Um vizinho que descia para jogar o lixo perguntou:
— Xiaojin, você conhece essa menina? Ela está aqui no frio, fazendo lição faz mais de uma hora. É parente de vocês?
Jin Xiaomin ficou de boca aberta. Naquele frio, Lu Yan estava ali, sozinha, fazendo a lição? Respondeu ao vizinho:
— É minha sobrinha. Vai morar conosco a partir de agora.
E, pegando a mão gelada da menina, disse com carinho:
— Querida, me desculpe, foi culpa minha esquecer de te dar a chave. Vamos para casa.
— Eu posso mesmo? — perguntou Lu Yan, baixinho.
— Claro que sim! Vamos, Lu Yan, o que está esperando? — Gao Junyang pôs a mão em seu ombro e pegou sua mochila pesada.
De volta ao apartamento, Jin Xiaomin entregou duas chaves:
— Esta é da porta do prédio, esta é da porta de casa. Guarde bem.
Vendo que Lu Yan parecia atordoada, Jin Xiaomin disse:
— Ontem mesmo te disse: esta é sua casa, fique o tempo que quiser.
Lu Yan, com os olhos vermelhos, agradeceu repetidas vezes.
Gao Junyang trouxe-lhe um copo d’água:
— Está congelada, beba um pouco de chá quente.
Depois tirou algumas notas do bolso e lhe entregou:
— Dinheiro para você. Se não tiver ninguém em casa, pode comprar comida lá fora. Coma bem, você vai prestar o exame daqui a pouco, precisa se alimentar melhor.
Lu Yan recusou imediatamente:
— Não posso aceitar.
Gao Junyang, contudo, colocou o dinheiro à força em sua mochila.
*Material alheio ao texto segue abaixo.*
Lemma cs_normX a n : nm (a ^+ n) <= nm a ^+ n.
Proof.
elim: n => [|n IH]; first by rewrite !expr0 cs_norm1.
by rewrite !exprS; apply: le_trans (cs_normM _ _) (ler_wpM2l (cs_norm_ge0 _) IH).
Qed.

Lemma cs_norm_expr_mul_star a m : nm (a ^+ m * st a ^+ m) <= nm a ^+ (2 * m).
Proof.
rewrite -rmorphXn cs_norm_mul_star mulnC exprM.
by rewrite ler_pXn2r ?nnegrE ?exprn_ge0 ?cs_norm_ge0 ?cs_normX.
Qed.

Definition cs_unit a : Prop := exists b, a * b = 1.

Lemma cs_unitN a : cs_unit a -> cs_unit (- a).
Proof. by case=> b ab1; exists (- b); rewrite mulrNN. Qed.

Lemma geom_psum_cauchy z : nm z < 1 -> forall e, 0 < e ->
  exists N, forall p q, (N <= p)%N -> (N <= q)%N ->
    nm (\sum_(k < p) z ^+ k - \sum_(k < q) z ^+ k) < e.
Proof.
move=> z1 e e0; have d0 : 0 < 1 - nm z by rewrite subr_gt0.
have [N zN] := exprn_small (cs_norm_ge0 z) z1 (mulr_gt0 e0 d0).
suff tail p q : (N <= q)%N -> (q <= p)%N ->
    nm (\sum_(k < p) z ^+ k - \sum_(k < q) z ^+ k) < e.
  exists N => p q Np Nq; have [qp|/ltnW pq] := leqP q p; first exact: tail.
  by rewrite cs_normBC; apply: tail.
move=> Nq qp; rewrite -!(big_mkord xpredT) (big_cat_nat (leq0n q) qp) /=.
rewrite addrAC subrr add0r; apply: le_lt_trans (cs_norm_sum _ _ _) _.
apply: le_lt_trans (ler_sum _ (fun k _ => cs_normX z k)) _.
apply: le_lt_trans (geom_tail_le _ _ (cs_norm_ge0 z) z1) _.
rewrite ltr_pdivrMr //; apply: le_lt_trans zN.
by rewrite ler_wiXn2l ?cs_norm_ge0 // ltW.
Qed.

Lemma cs_unit_1B z : nm z < 1 -> cs_unit (1 - z).
Proof.
move=> z1; have [l psum_l] := cs_complete (geom_psum_cauchy z1).
exists l; apply/eqP; rewrite -subr_eq0; apply/eqP/cs_norm_eq0/eqP.
rewrite eq_le cs_norm_ge0 andbT; apply/ler_addgt0Pr => e e0; rewrite add0r.
have [N1 lN1] := psum_l (e / 4) (divr_gt0 e0 (ltr0n _ 4)).
have [N2 zN2] := exprn_small (cs_norm_ge0 z) z1 (divr_gt0 e0 (ltr0n _ 2)).
set p := maxn N1 N2; set s := \sum_(k < p) z ^+ k.
have psumE : (1 - z) * s = 1 - z ^+ p by rewrite -opprB mulNr -subrX1 opprB.
have -> : (1 - z) * l - 1 = (1 - z) * (l - s) - z ^+ p.
  by rewrite mulrBr psumE; ring.
apply: le_trans (cs_normB _ _) _.
have z_le2 : nm (1 - z) <= 2.
  by apply: le_trans (cs_normB _ _) _; rewrite cs_norm1 -[2]/(1 + 1) lerD2l ltW.
have ls : nm (l - s) < e / 4 by rewrite cs_normBC lN1 ?leq_maxl.
have zp : nm (z ^+ p) < e / 2.
  apply: le_lt_trans (cs_normX _ _) (le_lt_trans _ zN2).
  by rewrite ler_wiXn2l ?cs_norm_ge0 ?leq_maxr // ltW.
have := cs_normM (1 - z) (l - s); have := cs_norm_ge0 (l - s).
have := cs_norm_ge0 (1 - z); nra.
Qed.

Lemma cs_unit_subr_alg y mu : nm y < Normc.normc mu -> cs_unit (y - mu%:A).
Proof.
move=> y_lt; have mu_gt0 : 0 < Normc.normc mu := le_lt_trans (cs_norm_ge0 y) y_lt.
have mu_neq0 : mu != 0 by apply: contra_ltN mu_gt0 => /eqP->; rewrite Normc.normc0.
have [b yb] : cs_unit (1 - mu^-1 *: y).
  by apply: cs_unit_1B; rewrite cs_normZ Normc.normcV mulrC ltr_pdivrMr ?mul1r.
exists (- mu^-1 *: b).
have -> : y - mu%:A = - mu *: (1 - mu^-1 *: y).
  by rewrite scalerBr scalerA mulNr mulfV // scaleNr scaleN1r opprK addrC.
by rewrite -scalerAl -scalerAr yb scalerA mulrNN mulfV // scale1r.
Qed.

Lemma cs_star_addiM x y : st x = x -> st y = y ->
  st (x + 'i%C *: y) * (x + 'i%C *: y) = x * x + y * y.
Proof.
move=> sa_x sa_y; rewrite rmorphD /= cs_star_i sa_x sa_y -mulr_algl.
have ii : ('i%C%:A : A) * 'i%C%:A = -1.
  by rewrite mulr_algl scalerA -expr2 sqr_i scaleN1r.
have -> : (x - 'i%C%:A * y) * (x + 'i%C%:A * y)
    = x * x - ('i%C%:A * 'i%C%:A) * (y * y) by ring.
by rewrite ii mulN1r opprK.
Qed.

Lemma cs_norm_sqr_le_add_sqr x y : st x = x -> st y = y ->
  nm y ^+ 2 <= nm (x * x + y * y).
Proof.
move=> sa_x sa_y; rewrite -cs_star_addiM // cs_cstar.
rewrite ler_pXn2r ?nnegrE ?cs_norm_ge0 //; set u := x + 'i%C *: y.
have nm_iy : nm ('i%C *: y) = nm y.
  by rewrite cs_normZ /Normc.normc /= expr0n expr1n add0r sqrtr1 mul1r.
have u_im : u - st u = rc 2 * ('i%C *: y).
  rewrite /u rmorphD /= cs_star_i sa_x sa_y opprD opprK addrACA subrr add0r.
  by rewrite rmorph_nat mulr_natl mulr2n.
rewrite -nm_iy -[_ *: y]mul1r -cs_real_half2 -mulrA -u_im.
apply: le_trans (cs_norm_realM _ _) _; rewrite ger0_norm ?invr_ge0 ?ler0n //.
rewrite mulrC ler_pdivrMr ?ltr0n //.
have := cs_normB u (st u); rewrite cs_norm_star; lra.
Qed.

Lemma cs_unit_sa_subr_alg h lam : st h = h -> complex.Im lam != 0 ->
  cs_unit (h - lam%:A).
Proof.
case: lam => a b /= sa_h b_neq0.
set t := (nm h ^+ 2 + 1) / b.
have bt : b * t = nm h ^+ 2 + 1 by rewrite /t mulrC divfK.
have -> : h - (a +i* b)%C%:A = (h + 'i%C *: rc t) - (a +i* (b + t))%C%:A.
  have -> : 'i%C *: rc t = (0 +i* t)%C%:A by rewrite scalerA; congr (_ *: _); simpc.
  have -> : (a +i* (b + t))%C = (a +i* b)%C + (0 +i* t)%C by simpc.
  by rewrite scalerDl opprD addrACA subrr addr0.
apply: cs_unit_subr_alg.
rewrite -(ltr_pXn2r (_ : 0 < 2)%N) ?nnegrE ?cs_norm_ge0 ?sqrtr_ge0 //.
rewrite -cs_cstar cs_star_addiM ?cs_star_real // /= sqr_sqrtr ?addr_ge0 ?sqr_ge0 //.
apply: le_lt_trans (cs_normD _ _) _.
rewrite cs_norm_sa_sqr // -rmorphM cs_norm_real -expr2 ger0_norm ?sqr_ge0 //.
rewrite sqrrD -mulr_natl bt; have := sqr_ge0 a; have := sqr_ge0 b; have := sqr_ge0 (nm h); lra.
Qed.

Definition npos_at h r : Prop := st h = h /\ nm (rc r - h) <= r.

Definition npos h : Prop := exists r, npos_at h r.

Lemma npos_at_cs_pos h r : npos_at h r -> cs_pos h.
Proof.
case=> sa_h hr; split=> // lam; case: (boolP (0 <= lam)) => // lam_lt0 spec.
exfalso; apply: spec; case: lam lam_lt0 => a b /= lam_lt0.
have [b0|b_neq0] := eqVneq b 0.
  2: exact: (cs_unit_sa_subr_alg (lam := (a +i* b)%C) sa_h b_neq0).
move: lam_lt0; rewrite b0 lecE /= eqxx /= -ltNge => a_lt0.
have r_ge0 : 0 <= r := le_trans (cs_norm_ge0 _) hr.
have : cs_unit (rc r - h - rc (r - a)).
  apply: cs_unit_subr_alg; rewrite normc_real ger0_norm; last by lra.
  by apply: le_lt_trans hr _; lra.
by rewrite rmorphB opprB addrC addrA subrK => /cs_unitN; rewrite opprB.
Qed.

Lemma npos_cs_pos h : npos h -> cs_pos h.
Proof. by case=> r /npos_at_cs_pos. Qed.

Lemma npos_at0 : npos_at 0 0.
Proof. by split; rewrite ?rmorph0 ?subr0 ?cs_norm0. Qed.

Lemma npos_atD h1 h2 r1 r2 :
  npos_at h1 r1 -> npos_at h2 r2 -> npos_at (h1 + h2) (r1 + r2).
Proof.
case=> sa1 n1 [sa2 n2]; split; first by rewrite rmorphD /= sa1 sa2.
by rewrite rmorphD opprD addrACA; apply: le_trans (cs_normD _ _) (lerD n1 n2).
Qed.

Lemma npos_at_realM w h r : 0 <= w -> npos_at h r -> npos_at (rc w * h) (w * r).
Proof.
move=> w_ge0 [sa_h hr]; split; first by rewrite cs_starMC cs_star_real sa_h.
rewrite rmorphM /= -mulrBr; apply: le_trans (cs_norm_realM _ _) _.
by rewrite ger0_norm // ler_wpM2l.
Qed.

Lemma npos_at_real_subr h r : st h = h -> nm h <= r -> npos_at (rc r - h) r.
Proof.
move=> sa_h hr; split; first by rewrite rmorphB /= cs_star_real sa_h.
by rewrite opprB addrC subrK.
Qed.

Lemma npos_at_norm_ge h r t : npos_at h r -> 0 <= t -> t <= nm (rc t + h).
Proof.
case=> _ hr t_ge0; have r_ge0 : 0 <= r := le_trans (cs_norm_ge0 _) hr.
have := cs_normD (rc (t + r) - (rc t + h)) (rc t + h).
rewrite subrK cs_norm_real ger0_norm ?addr_ge0 //.
have -> : rc (t + r) - (rc t + h) = rc r - h by rewrite rmorphD opprD addrACA subrr add0r.
lra.
Qed.

Lemma nposD h1 h2 : npos h1 -> npos h2 -> npos (h1 + h2).
Proof. by case=> r1 c1 [r2 c2]; exists (r1 + r2); apply: npos_atD. Qed.

Lemma npos_sum (I : Type) (s : seq I) (P : pred I) (F : I -> A) :
  (forall i, P i -> npos (F i)) -> npos (\sum_(i <- s | P i) F i).
Proof. by move=> F_pos; apply: big_ind => //; [exists 0; apply: npos_at0 | apply: nposD]. Qed.

Lemma npos_mulrn h k : npos h -> npos (h *+ k).
Proof. by move=> h_pos; rewrite -[k]card_ord -sumr_const; apply: npos_sum. Qed.

Lemma npos_realM w h : 0 <= w -> npos h -> npos (rc w * h).
Proof. by move=> w_ge0 [r c]; exists (w * r); apply: npos_at_realM. Qed.

Section SqrtIteration.
Variable x : A.
Hypotheses (sa_x : st x = x) (x_small : nm x ^+ 2 <= 2^-1).

(* A fixed point s satisfies (1 - s) ^+ 2 = 1 - x * x. *)
Fixpoint sqrt_iter n : A :=
  if n is n'.+1 then rc 2^-1 * (x * x + sqrt_iter n' ^+ 2) else 0.

Lemma sqrt_iter_sa n : st (sqrt_iter n) = sqrt_iter n.
Proof.
elim: n => [|n IH] /=; first exact: rmorph0.
by rewrite rmorphM rmorphD rmorphXn /= cs_star_real IH rmorphM /= sa_x.
Qed.

Lemma cs_norm_sqrt_iter n : nm (sqrt_iter n) <= 2^-1.
Proof.
elim: n => [|n IH] /=; first by rewrite cs_norm0 invr_ge0 ler0n.
apply: le_trans (cs_norm_realM _ _) _; rewrite ger0_norm ?invr_ge0 ?ler0n //.
have : nm (x * x + sqrt_iter n ^+ 2) <= 2^-1 + 2^-1 * 2^-1.
  apply: le_trans (cs_normD _ _) (lerD _ _); first by rewrite cs_norm_sa_sqr.
  by apply: le_trans (cs_normX _ _) _; rewrite expr2 ler_pM ?cs_norm_ge0.
have := cs_norm_ge0 (x * x + sqrt_iter n ^+ 2); nra.
Qed.

Lemma cs_norm_sqrt_iterS n : nm (sqrt_iter n.+1 - sqrt_iter n) <= 2^-1 ^+ n.+1.
Proof.
have half_ge0 : 0 <= 2^-1 :> R by rewrite invr_ge0 ler0n.
elim: n => [|n IH].
  rewrite /= expr0n addr0 subr0 expr1; apply: le_trans (cs_norm_realM _ _) _.
  rewrite ger0_norm // cs_norm_sa_sqr // ler_piMr // (le_trans x_small) //.
  by rewrite invf_le1 ?ler1n.
have diff_sqr a b : rc 2^-1 * (x * x + a ^+ 2) - rc 2^-1 * (x * x + b ^+ 2)
    = rc 2^-1 * ((a + b) * (a - b)) by ring.
rewrite [sqrt_iter n.+2 - _]diff_sqr; set a := sqrt_iter n.+1; set b := sqrt_iter n.
apply: le_trans (cs_norm_realM _ _) _; rewrite ger0_norm // exprS ler_wpM2l //.
apply: le_trans (cs_normM _ _) _; rewrite -[X in _ <= X]mul1r ler_pM ?cs_norm_ge0 //.
apply: le_trans (cs_normD _ _) _; have := cs_norm_sqrt_iter n.+1.
have := cs_norm_sqrt_iter n; rewrite -/a -/b; lra.
Qed.

Lemma cs_norm_1B_sqr : nm (1 - x * x) <= 1.
Proof.
apply/ler_addgt0Pr => e e_gt0.
have half_lt1 : 2^-1 < 1 :> R by rewrite invf_lt1 ?ltr1n.
have half_ge0 : 0 <= 2^-1 :> R by rewrite invr_ge0 ler0n.
have e4_gt0 : 0 < e / 4 by rewrite divr_gt0.
have [n small_n] := exprn_small half_ge0 half_lt1 e4_gt0.
set s := sqrt_iter n; set t := 1 - s; set E := rc 2 * (sqrt_iter n.+1 - s).
have sa_t : st t = t by rewrite rmorphB /= cs_star1 sqrt_iter_sa.
have defE : x * x + t * t = 1 + E.
  have iterS : rc 2 * sqrt_iter n.+1 = x * x + s ^+ 2.
    by rewrite /= mulrA (mulrC (rc 2)) cs_real_half2 mul1r.
  by rewrite /E [rc 2 * _]mulrBr iterS (rmorph_nat rc 2) /t; ring.
have nmE : nm E <= e / 2.
  apply: le_trans (cs_norm_realM _ _) _; rewrite ger0_norm ?ler0n //.
  apply: le_trans (ler_wpM2l (ler0n _ 2) (cs_norm_sqrt_iterS n)) _.
  rewrite exprS mulrA mulfV ?pnatr_eq0 // mul1r; lra.
have : nm (t * t) <= 1 + nm E.
  rewrite cs_norm_sa_sqr //; apply: le_trans (cs_norm_sqr_le_add_sqr sa_x sa_t) _.
  by rewrite defE; apply: le_trans (cs_normD _ _) _; rewrite cs_norm1.
have -> : 1 - x * x = t * t - E by rewrite -[t * t](addKr (x * x)) defE; ring.
have := cs_normB (t * t) E; lra.
Qed.
End SqrtIteration.

Lemma npos_at_sqr x : st x = x -> npos_at (x * x) (2 * nm x ^+ 2).
Proof.
move=> sa_x; split; first by rewrite cs_starMC sa_x.
have [x0|x_neq0] := eqVneq (nm x) 0.
  by rewrite (cs_norm_eq0 x0) mulr0 cs_norm0 expr0n mulr0 rmorph0 subr0 cs_norm0.
set k := 2 * nm x ^+ 2.
have k_gt0 : 0 < k by rewrite mulr_gt0 // exprn_gt0 // lt_def x_neq0 cs_norm_ge0.
set c := Num.sqrt k; have c_gt0 : 0 < c by rewrite sqrtr_gt0.
have c2 : c ^+ 2 = k by rewrite sqr_sqrtr // ltW.
set x' := rc c^-1 * x.
have sa_x' : st x' = x' by rewrite cs_starMC cs_star_real sa_x.
have x'_small : nm x' ^+ 2 <= 2^-1.
  have -> : 2^-1 = (c^-1 * nm x) ^+ 2 :> R.
    by rewrite exprMn exprVn c2 /k invfM divfK // expf_neq0.
  rewrite ler_pXn2r ?nnegrE ?mulr_ge0 ?invr_ge0 ?cs_norm_ge0 ?(ltW c_gt0) //.
  by apply: le_trans (cs_norm_realM _ _) _; rewrite ger0_norm // invr_ge0 ltW.
have -> : rc k - x * x = rc k * (1 - x' * x').
  have kc : k * (c^-1 * c^-1) = 1 by rewrite -invfM -expr2 c2 mulfV ?gt_eqF.
  have kc' : rc k * (rc c^-1 * rc c^-1) = 1 by rewrite -!cs_realM kc cs_real1.
  rewrite mulrBr mulr1; congr (_ - _); rewrite -[LHS]mul1r -kc' /x'; ring.
apply: le_trans (cs_norm_realM _ _) _; rewrite ger0_norm ?(ltW k_gt0) //.
by rewrite ler_piMr ?(ltW k_gt0) // cs_norm_1B_sqr.
Qed.

Lemma cs_cartesian a : exists u v, [/\ st u = u, st v = v & a = u + 'i%C *: v].
Proof.
exists (rc 2^-1 * (a + st a)), (- ('i%C *: (rc 2^-1 * (a - st a)))); split.
- by rewrite cs_starMC cs_star_real rmorphD /= cs_starK addrC.
- rewrite rmorphN /= cs_star_i cs_starMC cs_star_real rmorphB /= cs_starK opprK.
  by rewrite -scalerN -mulrN opprB.
rewrite scalerN scalerA -expr2 sqr_i scaleN1r opprK -mulrDr addrACA subrr addr0.
rewrite -mulr2n -[a in LHS]mul1r -cs_real_half2 -mulrA; congr (_ * _).
by rewrite (rmorph_nat rc 2) mulr_natl.
Qed.

Lemma npos_mul_star a : npos (a * st a).
Proof.
have [u [v [sa_u sa_v ->]]] := cs_cartesian a.
rewrite mulrC cs_star_addiM //.
by apply: nposD; [exists (2 * nm u ^+ 2) | exists (2 * nm v ^+ 2)]; apply: npos_at_sqr.
Qed.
Jin Xiaomin saiu da cozinha:
— O jantar está quase pronto. Junyang, a partir de amanhã, sempre que não tiver compromisso após o trabalho, busque Lu Yan na escola. Não quero que ela pegue ônibus nesse frio.
— Tia, eu já havia pensado nisso.
Para Lu Yan, tudo parecia um sonho. Lutou para não chorar. Queria agradecer, mas não sabia como.
Ela sabia apenas que a dívida de gratidão talvez jamais conseguisse pagar.
***
No dia seguinte, os comentários sobre Lu Yan continuaram entre os colegas, mas ela ignorou, concentrando-se nas aulas e nos exercícios, sem dizer uma só palavra — fez-se de muda.
No intervalo após a segunda aula, enquanto fazia exercícios, um colega chamado Ji Kaibo, sentado um pouco atrás, aproximou-se e bateu de leve em sua carteira:
— Venha comigo, preciso falar com você.
Os outros alunos observavam curiosos.
— O que você quer? — perguntou Lu Yan, surpresa. Eles praticamente não se falavam.
— Venha, você vai saber.
Lu Yan não quis ir:
— Diga aqui mesmo.
— Não pode ser aqui. Vamos ao terraço.
Ji Kaibo saiu sem esperar resposta.
Lu Yan, intrigada, murmurou: “Que estranho...”, mas largou a caneta e seguiu o colega.
Poucos minutos depois, todo o prédio ouviu um baque surdo. Alguém espiou pela janela, e logo recuou, tremendo:
— Meu Deus… Ji Kaibo… caiu e morreu!